Without Hudi or an equivalent open-source data lake table format such as Apache Iceberg or Databrick’s Delta Lake, most data lakes are just of bunch of unmanaged flat files. Amazon S3 cannot natively maintain the latest view of the data, to the surprise of many who are more familiar with OLTP-style databases or OLAP-style data warehouses.

DeltaStreamer

DeltaStreamer, aka the HoodieDeltaStreamer utility (part of the hudi-utilities-bundle), used in steps 7–10 of the workflow, provides the way to perform streaming ingestion of data from different sources such as Distributed File System (DFS) and Apache Kafka.

Optionally, HoodieMultiTableDeltaStreamer, a wrapper on top of HoodieDeltaStreamer, ingests multiple tables in a single Spark job, into Hudi datasets. Currently, it only supports sequential processing of tables to be ingested and Copy on Write table type.

We are using HoodieDeltaStreamer to write to both Merge on Read (MoR) and Copy on Write (CoW) table types for demonstration purposes only. The MoR table type is a superset of the CoW table type, which stores data using a combination of columnar-based (e.g., Apache Parquet) plus row-based (e.g., Apache Avro) file formats. Updates are logged to delta files and later compacted to produce new versions of columnar files synchronously or asynchronously. Again, the choice of table types depends on your requirements.

Trade-offs between Hudi table types (table courtesy Apache Hudi documentation)
Trade-offs between Hudi table types (table courtesy Apache Hudi documentation)

Amazon EMR

For this demonstration, I’ve used the recently released Amazon EMR version 6.5.0 configured with Apache Spark 3.1.2 and Apache Hive 3.1.2. EMR 6.5.0 runs Scala version 2.12.10, Python 3.7.10, and OpenJDK Corretto-8.312. I have included the AWS CloudFormation template and parameters file used to create the EMR cluster, on GitHub.

When choosing Apache Spark, Apache Hive, or Presto on EMR 6.5.0, Apache Hudi release 0.9.0 is automatically installed.

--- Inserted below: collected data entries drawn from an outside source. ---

(* For every graph $G$ and every $k\in\mathbb{N}$: if $\delta^{\infty}_{\rm e}(G)\leq k$, then $G\in\mathcal{A}_k^{(\leq k)}$. Conversely, for every $k\in\mathbb{N}_{\geq1}$, every graph $G\in\mathcal{A}_k^{(\leq k)}$ satisfies $\delta^{\infty}_{\rm e}(G)\leq 2k-1$.
   Context: All graphs are finite, undirected, loopless, and may have parallel edges; $\deg_G(v)$ is the number of edges incident to $v$ (counted with multiplicity), $E_G(v)$ the multiset of these edges. $\delta^{\infty}_{\rm e}(G)$ (edge-admissibility) is the minimum, over all linear orderings $\langle v_1,\dots,v_n\rangle$ of $V(G)$, of $\max_i \lambda_i$, where $\lambda_i$ is the minimum number of edges whose removal destroys all paths from $v_i$ to $\{v_1,\dots,v_{i-1}\}$ ($\lambda_1=0$); equivalently the maximum number of pairwise edge-disjoint paths from $v_i$ to $\{v_1,\dots,v_{i-1}\}$. Edge sums: let $G_1,G_2$ be disjoint graphs, $v_1\in V(G_1)$, $v_2\in V(G_2)$ with $\deg_{G_1}(v_1)=\deg_{G_2}(v_2)=k'$, and $\sigma:E_{G_1}(v_1)\to E_{G_2}(v_2)$ a bijection. The $k'$-edge sum of $G_1$ and $G_2$ on $v_1,v_2$ w.r.t. $\sigma$ is obtained from the disjoint union by deleting $v_1$ and $v_2$ and, for each edge $e=v_1x\in E_{G_1}(v_1)$ with $\sigma(e)=v_2y$, adding a new edge $xy$. A graph is a $(\leq k)$-edge sum of $G_1$ and $G_2$ if it is their disjoint union or a $k'$-edge sum of them for some $k'\in\{1,\dots,k\}$ and some choice of $v_1,v_2,\sigma$. $\mathcal{A}_k$ is the class of graphs in which all vertices except possibly one have degree at most $k$. $\mathcal{A}_k^{(\leq k)}$ is the smallest class of graphs containing $\mathcal{A}_k$ and containing every $(\leq k)$-edge sum of any two of its members. *)

From mathcomp Require Import all_boot.
Set Implicit Arguments. Unset Strict Implicit. Unset Printing Implicit Defensive.

(* A finite, undirected, loopless multigraph: every edge e has two distinct
   endpoints src e, tgt e (the orientation is irrelevant everywhere below);
   parallel edges are distinct elements of [edge]. *)
Record mgraph := MGraph {
  vert : finType;
  edge : finType;
  src : edge -> vert;
  tgt : edge -> vert;
  loopless : forall e, src e != tgt e }.

Arguments src {m} e.
Arguments tgt {m} e.

Section Basic.
Variable G : mgraph.

Definition incident (v : vert G) (e : edge G) : bool := (src e == v) || (tgt e == v).

Definition deg (v : vert G) : nat := #|[set e | incident v e]|.

Definition other (v : vert G) (e : edge G) : vert G := if src e == v then tgt e else src e.

Lemma other_neq v e : incident v e -> other v e != v.
Proof.
rewrite /incident /other; case: eqP => [<- _|_ /= /eqP <-].
  by rewrite eq_sym loopless.
exact: loopless.
Qed.

Lemma src_nincident v e : ~~ incident v e -> src e != v.
Proof. by rewrite /incident negb_or => /andP[]. Qed.

Lemma tgt_nincident v e : ~~ incident v e -> tgt e != v.
Proof. by rewrite /incident negb_or => /andP[]. Qed.

Definition adj_minus (F : {set edge G}) : rel (vert G) :=
  [rel x y | [exists e, (e \notin F) &&
      (((src e == x) && (tgt e == y)) || ((src e == y) && (tgt e == x)))]].

Definition separates (F : {set edge G}) (v : vert G) (S : {set vert G}) : bool :=
  [forall s in S, ~~ connect (adj_minus F) v s].

(* lambda(v, S): minimum number of edges whose removal destroys all paths
   from v to S (the edge set of G always works when v \notin S, so the
   default #|edge G| of the min is harmless). *)
Definition lambda (S : {set vert G}) (v : vert G) : nat :=
  \big[minn/#|edge G|]_(F : {set edge G} | separates F v S) #|F|.

(* edge-admissibility: min over linear orderings <v_0,...,v_{n-1}> of V(G)
   (bijections 'I_n -> V(G)) of max_i lambda(v_i, {v_j | j < i}). *)
Definition edge_adm : nat :=
  \big[minn/#|edge G|]_(f : {ffun 'I_#|vert G| -> vert G} | injectiveb f)
     \max_(i < #|vert G|) lambda [set f j | j : 'I_#|vert G| & (j < i)%N] (f i).

End Basic.

Definition iso (G H : mgraph) : Prop :=
  exists (fV : vert G -> vert H) (fE : edge G -> edge H),
    [/\ bijective fV, bijective fE &
      forall e, ((src (fE e) == fV (src e)) && (tgt (fE e) == fV (tgt e)))
             || ((src (fE e) == fV (tgt e)) && (tgt (fE e) == fV (src e)))].

Definition inA (k : nat) (G : mgraph) : bool :=
  #|[set v : vert G | k < deg v]| <= 1.

Section DUnion.
Variables G1 G2 : mgraph.
Definition du_src (e : edge G1 + edge G2) : vert G1 + vert G2 :=
  match e with inl e1 => inl (src e1) | inr e2 => inr (src e2) end.
Definition du_tgt (e : edge G1 + edge G2) : vert G1 + vert G2 :=
  match e with inl e1 => inl (tgt e1) | inr e2 => inr (tgt e2) end.
Lemma du_loopless e : du_src e != du_tgt e.
Proof. by case: e => e /=; rewrite inj_eq ?loopless //; [exact: inl_inj | exact: inr_inj]. Qed.
Definition dunion : mgraph := MGraph du_loopless.
End DUnion.
Lemma ge0_continuous_integral_gt0 (k : R -> R) (y : R) :
  (forall x, 0 <= k x)%R -> continuous k -> (0 < k y)%R ->
  0 < \int[mu]_x (k x)%:E.
Proof.
move=> k0 ck ky.
have mk : measurable_fun [set: R] k by exact: continuous_measurable_fun.
have e0 : (0 < k y / 2)%R by rewrite divr_gt0.
have [d /= d0 dB] := (nbhs_ballP _ _).1 ((cvgrPdist_lt _ _).1 (ck y) _ e0).
apply: (@lt_le_trans _ _ (\int[mu]_(x in ball y d) (k y / 2)%:E)).
  rewrite integral_cst; last exact: measurable_ball.
  rewrite [X in _ * X](_ : _ = (d *+ 2)%:E); last exact: lebesgue_measure_ball (ltW d0).
  by rewrite -EFinM lte_fin mulr_gt0// mulrn_wgt0.
apply: (@le_trans _ _ (\int[mu]_(x in ball y d) (k x)%:E)).
  apply: ge0_le_integral => //.
  - exact: measurable_ball.
  - by move=> x _; rewrite lee_fin ltW.
  - by apply/measurable_EFinP; apply: measurable_funS mk.
  - move=> x /dB /=; rewrite lee_fin ltr_norml => /andP[h1 h2].
    by apply/ltW; lra.
apply: ge0_subset_integral => //.
- exact: measurable_ball.
- exact/measurable_EFinP.
- by move=> x _; rewrite lee_fin.
Qed.

Lemma ge0_continuous_integralD (f g : R -> R) :
  (forall x, 0 <= f x)%R -> (forall x, 0 <= g x)%R -> continuous f -> continuous g ->
  \int[mu]_x (f x + g x)%:E = \int[mu]_x (f x)%:E + \int[mu]_x (g x)%:E.
Proof.
move=> f0 g0 cf cg.
under eq_integral do rewrite EFinD.
rewrite ge0_integralD//.
- by move=> x _; rewrite lee_fin.
- by apply/measurable_EFinP; exact: continuous_measurable_fun.
- by move=> x _; rewrite lee_fin.
- by apply/measurable_EFinP; exact: continuous_measurable_fun.
Qed.
Lemma exp_dominates_pow (a K R0 : R) (j : nat) :
  0 < a -> exists r, R0 < r /\ 0 < r /\ K * r ^ j < exp (a * r).
Proof.
  intros Ha.
  set (N := INR (S j)).
  assert (HN : 0 < N) by (apply lt_0_INR; lia).
  set (b := (a / N) ^ S j).
  assert (Hb : 0 < b) by (apply pow_lt, Rdiv_lt_0_compat; lra).
  assert (HK : 0 <= Rabs K / b)
    by (apply Rmult_le_pos; [apply Rabs_pos | left; apply Rinv_0_lt_compat; lra]).
  set (r := Rmax R0 0 + 1 + Rabs K / b).
  assert (Hr : R0 < r /\ 0 < r) by (unfold r; generalize (Rmax_l R0 0) (Rmax_r R0 0); lra).
  exists r; split; [tauto | split; [tauto |]].
  (* exp (a r) = exp (a r / N) ^ N >= (a r / N) ^ N = b r r^j > K r^j *)
  assert (Hexp : exp (a * r) = exp (a * r / N) ^ S j)
    by (rewrite <- exp_mult_nat; fold N; f_equal; field; lra).
  assert (Hbase : (a * r / N) ^ S j <= exp (a * r / N) ^ S j).
  { apply pow_incr. split.
    - apply Rmult_le_pos; [apply Rmult_le_pos; lra | left; apply Rinv_0_lt_compat; lra].
    - generalize (exp_ineq1_le (a * r / N)); lra. }
  assert (Hpow : (a * r / N) ^ S j = b * r * r ^ j)
    by (unfold b; replace (a * r / N) with (a / N * r) by (field; lra);
        rewrite Rpow_mult_distr; simpl; ring).
  assert (Hbr : K < b * r).
  { apply Rle_lt_trans with (Rabs K); [apply Rle_abs |].
    unfold r. replace (b * (Rmax R0 0 + 1 + Rabs K / b)) with (b * (Rmax R0 0 + 1) + Rabs K)
      by (field; lra).
    generalize (Rmax_r R0 0); nra. }
  assert (0 < r ^ j) by (apply pow_lt; lra).
  assert (K * r ^ j < b * r * r ^ j) by (apply Rmult_lt_compat_r; lra).
  lra.
Qed.

Lemma rpow_pos_eq (x a : R) : 0 < x -> rpow x a = Rpower x a.
Proof. intros Hx; unfold rpow; destruct (Rlt_dec 0 x); [reflexivity | lra]. Qed.

Lemma derivable_pt_lim_rpow (x a : R) :
  0 < x -> derivable_pt_lim (fun y => rpow y a) x (a * Rpower x (a - 1)).
Proof.
  intros Hx.
  apply (derivable_pt_lim_locally_ext (fun y => Rpower y a) _ x (x / 2) (2 * x)); [lra | |].
  - intros y Hy; rewrite rpow_pos_eq; [reflexivity | lra].
  - now apply derivable_pt_lim_power.
Qed.

Lemma Rpower_small (a eps : R) : 0 < a -> 0 < eps -> near0 (fun x => Rpower x a <= eps).
Proof.
  intros Ha Heps. exists (Rpower eps (/ a)). split; [apply exp_pos |].
  intros x Hx. replace eps with (Rpower (Rpower eps (/ a)) a).
  - apply Rle_Rpower_l; lra.
  - rewrite Rpower_mult, Rinv_l, Rpower_1 by lra. reflexivity.
Qed.

Section Nonlinearity.
Variables om p q : R.
Hypothesis Hp : 1 < p.
Hypothesis Hpq : p < q.

Lemma Fnl_deriv (x : R) : 0 < x -> derivable_pt_lim (Fnl om p q) x (fnl om p q x).
Proof.
  intros Hx. unfold Fnl, fnl. eapply derivable_pt_lim_eq.
  - apply dpl_minus; [apply dpl_plus |].
    + apply (derivable_pt_lim_div_scal (fun y => - om * y ^ 2)).
      apply dpl_scal, derivable_pt_lim_pow.
    + apply (derivable_pt_lim_div_scal (fun y => rpow y (p + 1))), derivable_pt_lim_rpow, Hx.
    + apply (derivable_pt_lim_div_scal (fun y => rpow y (q + 1))), derivable_pt_lim_rpow, Hx.
  - rewrite !rpow_pos_eq by exact Hx.
    replace (p + 1 - 1) with p by ring. replace (q + 1 - 1) with q by ring.
    simpl. field. lra.
Qed.

Lemma Fnl_continuous (x : R) : 0 < x -> continuity_pt (Fnl om p q) x.
Proof. intros Hx. apply derivable_continuous_pt. exists (fnl om p q x). now apply Fnl_deriv. Qed.

Lemma fnl_continuous (x : R) : 0 < x -> continuity_pt (fnl om p q) x.
Proof.
  intros Hx.
  assert (Hrpow : forall a, continuity_pt (fun y => rpow y a) x).
  { intros a. apply derivable_continuous_pt. eexists. now apply derivable_pt_lim_rpow. }
  unfold fnl. apply continuity_pt_minus; [apply continuity_pt_plus |]; [| apply Hrpow ..].
  apply continuity_pt_scal, derivable_continuous_pt, derivable_pt_id.
Qed.

Lemma Sigma_continuous (n : nat) (x : R) : 0 < x -> continuity_pt (Sigma n om p q) x.
Proof.
  intros Hx. unfold Sigma. apply continuity_pt_minus.
  - apply continuity_pt_scal, Fnl_continuous, Hx.
  - apply continuity_pt_mult; [| apply fnl_continuous, Hx].
    apply continuity_pt_scal, derivable_continuous_pt, derivable_pt_id.
Qed.

(* The quotient f(x)/x = -om + x^(p-1) - x^(q-1); it first increases, then
   decreases, which forces the sign pattern of f used below. *)
Definition fquot (x : R) : R := - om + Rpower x (p - 1) - Rpower x (q - 1).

Amazon EMR Master Node showing Apache Hudi related resources

DeltaStreamer Configuration

Below, we see the DeltaStreamer properties file, deltastreamer_artists_apicurio_mor.properties. This properties file is referenced by the Spark job that runs DeltaStreamer, shown next. The file contains properties related to the datasource, the data sink, and Apache Hive. The source of the data for DeltaStreamer is the CDC data written to Amazon S3. In this case, the datasource is the objects located in the /topics/moma.public.artworks/partition=0/ S3 object prefix. The data sink is a Hudi MoR table type in Amazon S3. DeltaStreamer will write Parquet data, partitioned by the artist’s nationality, to the /moma_mor/artists/ S3 object prefix. Lastly, DeltaStreamer will sync all tables and table partitions to Apache Hive, including creating the Hive databases and tables if they do not already exist.

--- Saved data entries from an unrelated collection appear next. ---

Lemma Syl_term_lagr_weight A' B' : A' `<=` A -> B' `<=` B ->
  ((Rres A' B' * Rres (A `\` A') (B `\` B')) /
     (Rres A' (A `\` A') * Rres B' (B `\` B'))) *: (RresX A' * RresX B')
  = ((-1) ^+ (#|` B'| * (#|` A| - #|` A'|)) * Rres A B) *:
      lagr_weight (A `|` B) (A' `|` B').
Proof.
move=> hA hB; have dA'B' := fdisjoint_subsets hA hB.
have dDD : [disjoint A `\` A' & B `\` B'] by apply: fdisjoint_subsets; apply: fsubsetDl.
rewrite /lagr_weight fsetDUU // /RresX big_fsetU_disjoint //= scalerA; congr (_ *: _).
rewrite (Rres_split hA hB) RresUl // !RresUr ?fdisjointXD //.
rewrite (RresC (A `\` A') B') cardfsDS // mulnC.
have nA : Rres A' (A `\` A') != 0 by apply: Rres_neq0; apply: fdisjointXD.
have nB : Rres B' (B `\` B') != 0 by apply: Rres_neq0; apply: fdisjointXD.
have nAB : Rres A' (B `\` B') != 0.
  by apply: Rres_neq0; apply: fdisjoint_subsets (fsubsetDl _ _).
have nBA : Rres (A `\` A') B' != 0.
  by apply: Rres_neq0; apply: fdisjoint_subsets (fsubsetDl _ _) _.
set sg := (-1) ^+ _.
have nsg : sg != 0 by rewrite signr_eq0.
by field; rewrite ?nA ?nB ?nAB ?nBA ?nsg.
Qed.

Definition lagr_weight_sum p q : {poly K} :=
  \sum_(A' <- fpowerset A | #|` A'| == p) \sum_(B' <- fpowerset B | #|` B'| == q)
    lagr_weight (A `|` B) (A' `|` B').

Lemma Syl_lagr_weight_sum p q :
  Syl p q A B = ((-1) ^+ (q * (#|` A| - p)) * Rres A B) *: lagr_weight_sum p q.
Proof.
rewrite /Syl /lagr_weight_sum scaler_sumr; under [RHS]eq_bigr do rewrite scaler_sumr.
apply: eq_sum_fpowerset2 => A' B' sA' sB' <- <-.
exact: Syl_term_lagr_weight.
Qed.

End SylTerms.

Section Tuples.
Variables (K : fieldType) (C : {fset K}) (d : nat).
Implicit Types (t : {ffun 'I_d -> C}) (S : {fset K}).

Definition vdm t : K := \det (\matrix_(i, j) val (t i) ^+ j).

Definition tuple_term t : {poly K} :=
  vdm t *: \prod_i (val (t i) ^+ i *: lagr_lin C (val (t i))).

Definition valued_in S (_ : 'I_d) : pred C := fun c => val c \in S.

Definition moment (P : pred C) (k : nat) : {poly K} :=
  \sum_(c : C | P c) val c ^+ k *: lagr_lin C (val c).

Lemma sum_vdm_family (V : comAlgType K) (Q : 'I_d -> pred C) (G : 'I_d -> C -> V) :
  \sum_(t in family Q) vdm t *: \prod_i G i (t i) =
  \sum_(s : 'S_d) (-1) ^+ s *: \prod_i \sum_(c : C | Q i c) val c ^+ s i *: G i c.
Proof.
have vdmE t : vdm t *: \prod_i G i (t i) =
    \sum_(s : 'S_d) (-1) ^+ s *: \prod_i (val (t i) ^+ s i *: G i (t i)).
  rewrite /vdm /determinant scaler_suml; apply: eq_bigr => s _.
  by rewrite scaler_prod -scalerA; under eq_bigr do rewrite mxE.
under eq_bigr do rewrite vdmE.
by rewrite exchange_big; apply: eq_bigr => s _; rewrite -scaler_sumr bigA_distr_big_dep.
Qed.

Lemma sum_tuple_term_family (Q : 'I_d -> pred C) :
  \sum_(t in family Q) tuple_term t =
  \sum_(s : 'S_d) (-1) ^+ s *: \prod_i moment (Q i) (s i + i).
Proof.
rewrite (sum_vdm_family _ (fun i c => val c ^+ i *: lagr_lin C (val c))).
apply: eq_bigr => s _; congr (_ *: _).
by apply: eq_bigr => i _; apply: eq_bigr => c _; rewrite scalerA exprD.
Qed.

Lemma moment_predT k : (k.+3 <= #|` C|)%N -> moment predT k = 0.
Proof.
move=> hk; rewrite /moment -(big_seq_fsetE _ C predT (fun c => c ^+ k *: lagr_lin C c)).
have -> : \sum_(c <- C | predT c) c ^+ k *: lagr_lin C c =
    (\sum_(c <- C) c ^+ k / lagr_den C c) *: 'X -
    (\sum_(c <- C) c ^+ k.+1 / lagr_den C c)%:P.
  rewrite scaler_suml rmorph_sum -sumrB; apply: eq_bigr => c _.
  by rewrite /lagr_lin scalerA scalerBr scale_polyC mulrAC -exprSr.
by rewrite !sum_expr_lagr_den ?scale0r ?subr0 // ltnW.
Qed.

Lemma momentC (P : pred C) k :
  (k.+3 <= #|` C|)%N -> moment P k = - moment (predC P) k.
Proof.
move=> /moment_predT; rewrite /moment (bigID P) /= => /eqP; rewrite addr_eq0 => /eqP.
by move=> ->; congr (- _); apply: eq_bigl => c.
Qed.

Lemma vdm_noninj t : ~~ injectiveb t -> vdm t = 0.
Proof.
case/injectivePn => i1 [i2 ne e]; apply: (determinant_alternate ne) => j.
by rewrite !mxE e.
Qed.

Definition vdm_sign : K := \prod_(i < d) \prod_(j < d | (i < j)%N) (-1).

Definition enum_vdm S : 'M[K]_d := \matrix_(k, j) S`_k ^+ j.

Lemma big_injective_tuple (R : Type) (idx : R) (op : Monoid.com_law idx)
    S t (F : K -> R) :
  injectiveb t -> (forall i, val (t i) \in S) -> #|` S| = d ->
  \big[op/idx]_i F (val (t i)) = \big[op/idx]_(s <- S) F s.
Proof.
move=> /injectiveP tinj tS cardS; rewrite -(big_map (fun i => val (t i)) xpredT F).
have uniq_t : uniq [seq val (t i) | i <- index_enum 'I_d].
  by rewrite map_inj_uniq ?index_enum_uniq // => i j /val_inj/tinj.
apply/perm_big/uniq_perm; rewrite ?fset_uniq //.
have sub_t : {subset [seq val (t i) | i <- index_enum 'I_d] <= S}.
  by move=> x /mapP[i _ ->]; apply: tS.
have size_t : (size S <= size [seq val (t i) | i <- index_enum 'I_d])%N.
  by rewrite size_map /index_enum unlock -enumT -cardT card_ord cardS.
exact: (uniq_min_size uniq_t sub_t size_t).2.
Qed.

Lemma tuple_termE S t : t \in family (valued_in S) -> #|` S| = d ->
  tuple_term t = (vdm t * \prod_i val (t i) ^+ i) *: \prod_(s <- S) lagr_lin C s.
Proof.
move=> /familyP tS cardS; rewrite /tuple_term.
have [tinj|/vdm_noninj->] := boolP (injectiveb t); last by rewrite !mul0r !scale0r.
by rewrite scaler_prod scalerA (big_injective_tuple _ _ tinj tS cardS).
Qed.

# Built for demo of Apache Hudi 0.9.0 (EMR 6.5.0) with Apache Hive and SchemaRegistryProvider
include=base.properties
hoodie.datasource.hive_sync.assume_date_partitioning=false
hoodie.datasource.hive_sync.database=moma_mor
hoodie.datasource.hive_sync.partition_extractor_class=org.apache.hudi.hive.MultiPartKeysValueExtractor
hoodie.datasource.hive_sync.partition_fields=nationality
hoodie.datasource.hive_sync.table=artists
hoodie.datasource.write.drop.partition.columns=true
hoodie.datasource.write.hive_style_partitioning=true
hoodie.datasource.write.partitionpath.field=nationality
hoodie.datasource.write.recordkey.field=artist_id
hoodie.deltastreamer.schemaprovider.registry.url=http://<your_registry_url:post>/apis/ccompat/v6/subjects/moma.public.artists-value/versions/latest
hoodie.deltastreamer.source.dfs.root=s3://<your_data_lake_bucket>/topics/moma.public.artists/partition=0/
# 1,024 * 1,024 * 128 = 134,217,728 (128 MB)
hoodie.parquet.small.file.limit=134217728
# https://dacort.dev/posts/updating-partition-values-with-apache-hudi/
# This is required if we want to ensure we upsert a record, even if the partition changes
hoodie.index.type=GLOBAL_BLOOM
# This is required to write the data into the new partition
# defaults to false in Apache Hudi 0.8.0 (EMR 6.4.0), true in Hudi 0.9.0 (EMR 6.5.0)
# hoodie.bloom.index.update.partition.path=true
DeltaStreamer properties file for artists data using MoR table type

Below, we see the equivalent DeltaStreamer properties file for the MoMA artworks, deltastreamer_artworks_apicurio_mor.properties. There are also comparable DeltaStreamer property files for the Hudi CoW tables on GitHub.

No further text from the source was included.